*** Opening Dataset entries ***

Lemma power_singleton_atom (T : Type) (k : T) :
  @ba_atom (power_ba T) (fun j => j = k).
Proof.
  split.
  - intros E; exact (eq_ind _ (fun P => P k) eq_refl _ E).
  - intros b Hb; rewrite power_le in Hb.
    destruct (classic (b k)) as [Hk | Hk]; [right | left];
      apply pred_ext; intro j; simpl; split; try tauto.
    + intros Hj; now rewrite (Hb j Hj).
    + intros ->; exact Hk.
    + intros Hj; apply Hk; now rewrite <- (Hb j Hj).
Qed.

Lemma power_atomic (T : Type) : ba_atomic (power_ba T).
Proof.
  intros x Hx.
  destruct (classic (exists k, x k)) as [[k Hk] | Hempty].
  - exists (fun j => j = k); split; [apply power_singleton_atom |].
    apply power_le; intros t ->; exact Hk.
  - exfalso; apply Hx, pred_ext; intro t; simpl; split; [eauto | tauto].
Qed.

Lemma power_singletons_lub (T : Type) :
  @is_lub (power_ba T) (img (fun (k j : T) => j = k) (fun _ => True)) ba_top.
Proof.
  apply power_lub; intros t; simpl; split; [| tauto].
  intros _; exists (fun j => j = t); split; [exists t |]; auto.
Qed.

Section LargeDiamond.

Variable K : Type.
Hypothesis HK : regular_cardinal K.

Definition small (X : K -> Prop) : Prop := card_lt {y | X y} K.

Definition large_dia_ma : ModalAlg.
Proof.
  refine (Build_ModalAlg (power_ba K) (fun X _ => ~ small X) _ _).
  - apply pred_ext; intro t; simpl; split; [| tauto].
    intros Hlarge; apply Hlarge, card_lt_subsingleton; [apply HK |].
    intros [a []].
  - intros X Y; apply pred_ext; intro t; simpl; split.
    + intros HXY; apply NNPP; intros HXY'; apply HXY.
      apply (regular_card_lt_union2 K HK); apply NNPP; tauto.
    + intros [H | H] HXY; apply H; unfold small in *;
        refine (card_lt_subset K K _ _ _ HXY); simpl; auto.
Defined.

Lemma large_dia_additive : additive K large_dia_ma.
Proof.
  intros X s HX Hs; apply power_lub.
  pose proof (proj1 (power_lub K X s) Hs) as Hunion; clear Hs.
  intros t; simpl; split.
  - intros Hlarge; apply NNPP; intros Hnone; apply Hlarge.
    apply (regular_card_lt_union K HK {x | X x} (@proj1_sig _ _)); [exact HX | |].
    + intros [x Hx]; simpl; apply NNPP; intros Hxlarge; apply Hnone.
      exists (fun _ => ~ small x); split; [exists x |]; auto.
    + intros y Hy; destruct (proj1 (Hunion y) Hy) as (x & Hx & Hxy).
      exists (exist _ x Hx); exact Hxy.
  - intros (z & (x & Hx & ->) & Hxlarge) Hsmall; apply Hxlarge.
    refine (card_lt_subset _ _ _ _ _ Hsmall).
    intros y Hy; apply Hunion; eauto.
Qed.

Definition large_dia_cama : CAMA K :=
  Build_CAMA K large_dia_ma (power_complete K) (power_atomic K) large_dia_additive.

Lemma large_dia_not_additive (K' : Type) : card_lt K K' -> ~ additive K' large_dia_ma.
Proof.
  intros HKK' Hadd.
  assert (Hcard : card_lt {x | img (fun k j => j = k) (fun _ => True) x} K')
    by exact (card_le_lt_trans _ _ _ (card_le_range _ _ _) HKK').
  pose proof (proj1 (power_lub _ _ _) (Hadd _ _ Hcard (power_singletons_lub K))) as Hdia.
  destruct HK as [[j _] _].
  destruct (proj1 (Hdia (j 0))) as (z & (x & (k & _ & ->) & ->) & Hz).
  - exact (not_card_lt_full K (fun _ => True) (fun _ => I)).
  - apply Hz, card_lt_subsingleton; [exact (proj1 HK) |].
    intros [a Ha] [b Hb]; apply proj1_sig_inj; simpl; congruence.
Qed.

End LargeDiamond.

Lemma cma_iso_additive (lam : Type) (A B : ModalAlg) :
  cma_iso A B -> additive lam B -> additive lam A.
Proof.
  intros (f & g & Hf & Hg & gf & fg) HB X s HX Hs.
  destruct Hf as (_ & _ & _ & _ & _ & f_lub & _ & _).
  destruct Hg as (_ & _ & _ & _ & _ & g_lub & _ & g_dia).
  assert (HfX : card_lt {y | img f X y} lam)
    by exact (card_le_lt_trans _ _ _ (card_le_img f X) HX).
  pose proof (g_lub _ _ (HB _ _ HfX (f_lub _ _ Hs))) as Hlub.
  rewrite g_dia, gf in Hlub.
  replace (img ma_dia X) with (img g (img ma_dia (img f X))); [exact Hlub |].
  apply pred_ext; intro a; split.
  - intros (z & (w & (x & Hx & ->) & ->) & ->); exists x; split; [exact Hx |].
    now rewrite g_dia, gf.
  - intros (x & Hx & ->); exists (ma_dia (f x)); split.
    + exists (f x); split; [exists x |]; auto.
    + now rewrite g_dia, gf.
Qed.

Section CosmallFrame.

Variable K : Type.
Hypothesis HK : regular_cardinal K.

Definition cosmall_rel (R : rel K) : Prop :=
  exists A : K -> Prop, card_lt {y | ~ A y} K /\ R = (fun _ y => A y).

Lemma cosmall_rel_full : cosmall_rel (fun _ _ => True).
Proof.
  exists (fun _ => True); split; [| reflexivity].
  apply card_lt_subsingleton; [apply HK |]. intros [a Ha]; now contradiction Ha.
Qed.

Lemma cosmall_rel_directed (S' : rel K -> Prop) :
  (forall R, S' R -> cosmall_rel R) -> card_lt {R : rel K | S' R} K ->
  exists R, cosmall_rel R /\ (forall x y, R x y -> forall R', S' R' -> R' x y).
Proof.
  intros HS' Hcard.
  pose (A y := forall R', S' R' -> forall x, R' x y).
  exists (fun _ y => A y); split.
  - exists A; split; [| reflexivity].
    apply (regular_card_lt_union K HK {R | S' R}
             (fun R y => exists x, ~ proj1_sig R x y)); [exact Hcard | |].
    + intros [R HR]; simpl; destruct (HS' R HR) as (B & HB & ->).
      refine (card_lt_subset K K _ _ _ HB); intros y [x Hx]; exact Hx.
    + intros y Hy; apply NNPP; intros Hnone; apply Hy; intros R' HR' x.
      apply NNPP; intros Hx; apply Hnone; exists (exist _ R' HR'); eauto.
  - intros x y Hy R' HR'; exact (Hy R' HR' x).
Qed.

Definition cosmall_frame : MKF K :=
  Build_MKF K K (let '(conj (ex_intro _ j _) _) := HK in inhabits (j 0))
    cosmall_rel (ex_intro _ _ cosmall_rel_full) cosmall_rel_directed.

Lemma cosmall_frame_not_iso (K' : Type) (G : MKF K') :
  card_lt K K' -> ~ mkf_iso cosmall_frame G.
Proof.
  intros HKK' (f & (Hforth & Hback) & Hinj & _).
  destruct HK as [[j _] _]; pose (x0 := j 0 : K).
  assert (Hpunctured : forall k, cosmall_rel (fun _ y => y <> k)).
  { intros k; exists (fun y => y <> k); split; [| reflexivity].
    apply card_lt_subsingleton; [exact (proj1 HK) |].
    intros [a Ha] [b Hb]; apply proj1_sig_inj; simpl.
    apply NNPP in Ha; apply NNPP in Hb; congruence. }
  destruct (choice _ (fun k => Hback x0 _ (Hpunctured k))) as [R2 HR2].
  destruct (mkf_dd K' G (img R2 (fun _ => True))) as (R & HR & HRR2).
  - intros R (k & _ & ->); apply HR2.
  - exact (card_le_lt_trans _ _ _ (card_le_range _ _ _) HKK').
  - destruct (Hforth x0 R HR) as (R1 & (A & HA & ->) & HR1).
    assert (HAy : exists y, A y).
    { apply NNPP; intros Hempty; apply (not_card_lt_full K (fun y => ~ A y)); eauto. }
    destruct HAy as [y Hy].
    pose proof (HRR2 _ _ (HR1 y Hy) (R2 y) (ex_intro _ y (conj I eq_refl))) as Hy2.
    destruct (proj2 (HR2 y) _ Hy2) as (y' & Hne & Heq).
    exact (Hne (Hinj _ _ Heq)).
Qed.

End CosmallFrame.

Theorem theorem10p2 (K K' : Type) :
  regular_cardinal K -> regular_cardinal K' -> card_lt K K' ->
  (exists A : CAMA K, forall B : CAMA K', ~ cma_iso A B) /\
  (exists F : MKF K, forall G : MKF K', ~ mkf_iso F G).
Proof.
  intros HK _ HKK'; split.
  - exists (large_dia_cama K HK); intros B Hiso.
    apply (large_dia_not_additive K HK K' HKK').
    exact (cma_iso_additive K' _ _ Hiso (cama_additive K' B)).
  - exists (cosmall_frame K HK); intros G.
    exact (cosmall_frame_not_iso K HK K' G HKK').
Qed.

*** Closing Dataset entries ***

## Problem
Find and copy each line of the data where "conj" is present.

## Written answer
  Build_MKF K K (let '(conj (ex_intro _ j _) _) := HK in inhabits (j 0))
    pose proof (HRR2 _ _ (HR1 y Hy) (R2 y) (ex_intro _ y (conj I eq_refl))) as Hy2.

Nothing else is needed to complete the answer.